Calor are to retail ther gas in lighter bottles as CalorLite
See: http://www.calorlite.co.uk/

Although they give the weight of the new cylinders I was unable to see the height and diameter on the web page.

After emailing Calor I received this reply:-
Thank you for your email.

The dimensions of the two cylinders shown are the same - 495mm in height by 256mm in diameter. These are the exactly the same size as the 7kg butane and the current 6kg propane


----------



## Grizzly (May 9, 2005)

Good news - thanks for the link. Note they also have a device so that you can see how much gas is left. I wonder if they will do a straight exchange for the old ones ?

Now if only Calor would market them in Europe as well...!

G


----------



## teckie (Feb 25, 2007)

Yeah.. I was looking at these new Calor Lite bottles at NEC last Tuesday but didn't get chance to get any info as to when they will be available..what price..and can you swap the heavy 6Kg bottles for them !!!

Anyone know ?


Cheers Teckie


----------



## Grizzly (May 9, 2005)

teckie said:


> any info as to when they will be available..
> Anyone know ?
> Teckie


The website says they will be available in March 2008

G


----------



## teckie (Feb 25, 2007)

Thanks Grizzly... should have a couple of bottles ready for exchange by then  


Cheers

Teckie


----------



## autostratus (May 9, 2005)

teckie said:


> Yeah.. I was looking at these new Calor Lite bottles at NEC last Tuesday but didn't get chance to get any info as to when they will be available..what price..and can you swap the heavy 6Kg bottles for them !!!
> 
> Anyone know ?
> Cheers Teckie


The information I have says that they will be exactly the same price as the current ones and that a straight exchange can be made with the current bottles.

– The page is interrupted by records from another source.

(* For $p=(x,y)\in\mathbb{R}^2_{x<y}:=\{(x,y)\in\mathbb{R}^2\mid x<y\}$ set $\lambda(p):=\dfrac{y-x}{2\|(1,x,y)\|_2}$. For every $K>0$ and every $\alpha\ge 1$, the functions \[ \widetilde{\omega}(p)=\lambda(p)^\alpha,\qquad \omega_K(p)=\frac{2}{\pi}\arctan\!\left(\frac{\lambda(p)^\alpha}{K^\alpha}\right) \] are stable weightings. Moreover, for $\alpha=1$ both $\widetilde{\omega}$ and $\omega_K$ are effective weightings.
   Context: Notation: for $p=(x,y)\in\mathbb{R}^2$ write $(1,p):=(1,x,y)\in\mathbb{R}^3$; $\Delta:=\{(x,y)\mid x=y\}$ and $\|p-\Delta\|_\infty=\frac{y-x}{2}$ for $p\in\mathbb{R}^2_{x<y}$. $B_r=\{p\in\mathbb{R}^2:\|p\|_2\le r\}$, $B_r^c=\mathbb{R}^2\setminus B_r$. A persistence diagram (PD) is a measure $\mu_D=\sum_{p\in D}c_p\delta_p$ with $D\subset\mathbb{R}^2_{x<y}$ finite and $c_p\in\mathbb{N}$. For a measure $\mu$ and $Z\subset\mathbb{R}^2$, $\mathrm{pers}_Z(\mu)=\frac12\int_Z(y-x)\,d\mu((x,y))$. For a weighting $\omega$ (a function with values in $(0,1]$ on the points of diagrams), set $\Gamma_\omega(p):=\omega(p)(1,p)\in\mathbb{R}^3$. A stable weighting is a function $\omega$ with values in $(0,1]$ such that (i) $\Gamma_\omega$ is $C$-Lipschitz (Euclidean norms) for some $C>0$, and (ii) there is $C'>0$ with $\|\Gamma_\omega(p)\|_2\le C'\frac{y-x}{2}=C'\|p-\Delta\|_\infty$ for every $p=(x,y)\in\mathbb{R}^2_{x<y}$. An effective weighting is a function $\omega$ with values in $(0,1]$ such that for every sequence of PDs $\{\mu_{D_n}\}_{n\in\mathbb{N}}$: if $\lim_{r\to\infty}\sup_n\int_{B_r^c}\omega(p)\|p\|_2\,d\mu_{D_n}(p)=0$, then $\lim_{r\to\infty}\sup_n\mathrm{pers}_{B_r^c}(\mu_{D_n})=0$. *)

From Stdlib Require Import Reals Lra List.
Open Scope R_scope.

Definition pt := (R * R)%type.

Definition norm2 (p : pt) : R := sqrt (fst p ^ 2 + snd p ^ 2).
Definition norm3 (a b c : R) : R := sqrt (a ^ 2 + b ^ 2 + c ^ 2).

Definition lam (p : pt) : R := (snd p - fst p) / (2 * norm3 1 (fst p) (snd p)).

Definition omega_tilde (alpha : R) (p : pt) : R := Rpower (lam p) alpha.
Definition omega_K (K alpha : R) (p : pt) : R :=
  2 / PI * atan (Rpower (lam p) alpha / Rpower K alpha).

(* Upper half plane R^2_{x<y}: the points of persistence diagrams. *)
Definition upper (p : pt) : Prop := fst p < snd p.

Definition is_weighting (w : pt -> R) : Prop :=
  forall p, upper p -> 0 < w p <= 1.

That's what I'm told now but who really knows what will happen next Spring.


----------



## Waleem (Nov 1, 2006)

I am particularly interested in these as we are unable to use the BP Gaslite cylinders as a 50 mbar regulator isnt available for them. These Calorlite will use the existing regulator system but will save almost 5KG weight on each cylinder. Every little helps with a family of four with dog !
Calor tell me that they will be a direct swap with the existing cylinders-without additional cost, and the exchange will be the same amount. The only possible drawback I can see is that not all stockists are likely to keep them-my local agent deals mainly with the building trade and not many caravanners.


----------



## zulurita (May 9, 2005)

Thanks for the info.

It is good to have lighter cylinders, however of GREAT IMPORTANCE to us travellers abroad is being able to exchange these cylinders in Europe, offering to give us a third one at ports is no good when the gas locker only takes 2 cylinders! I for one would not want to carry a third one. 

Calor it seems caters for Caravanners and not Motorhomers in this respect. They still have not addressed the issue of GAS for us travellers going to Europe for long periods. No wonder people are going for GASLOW or MTH refillable cylinders.

Calor have had sometime now to address this issue!


----------



## Waleem (Nov 1, 2006)

I must say I agree Rita. What kind of solution is a third cylinder? And they say that this was as a result of consultation. Who with ???
8O


----------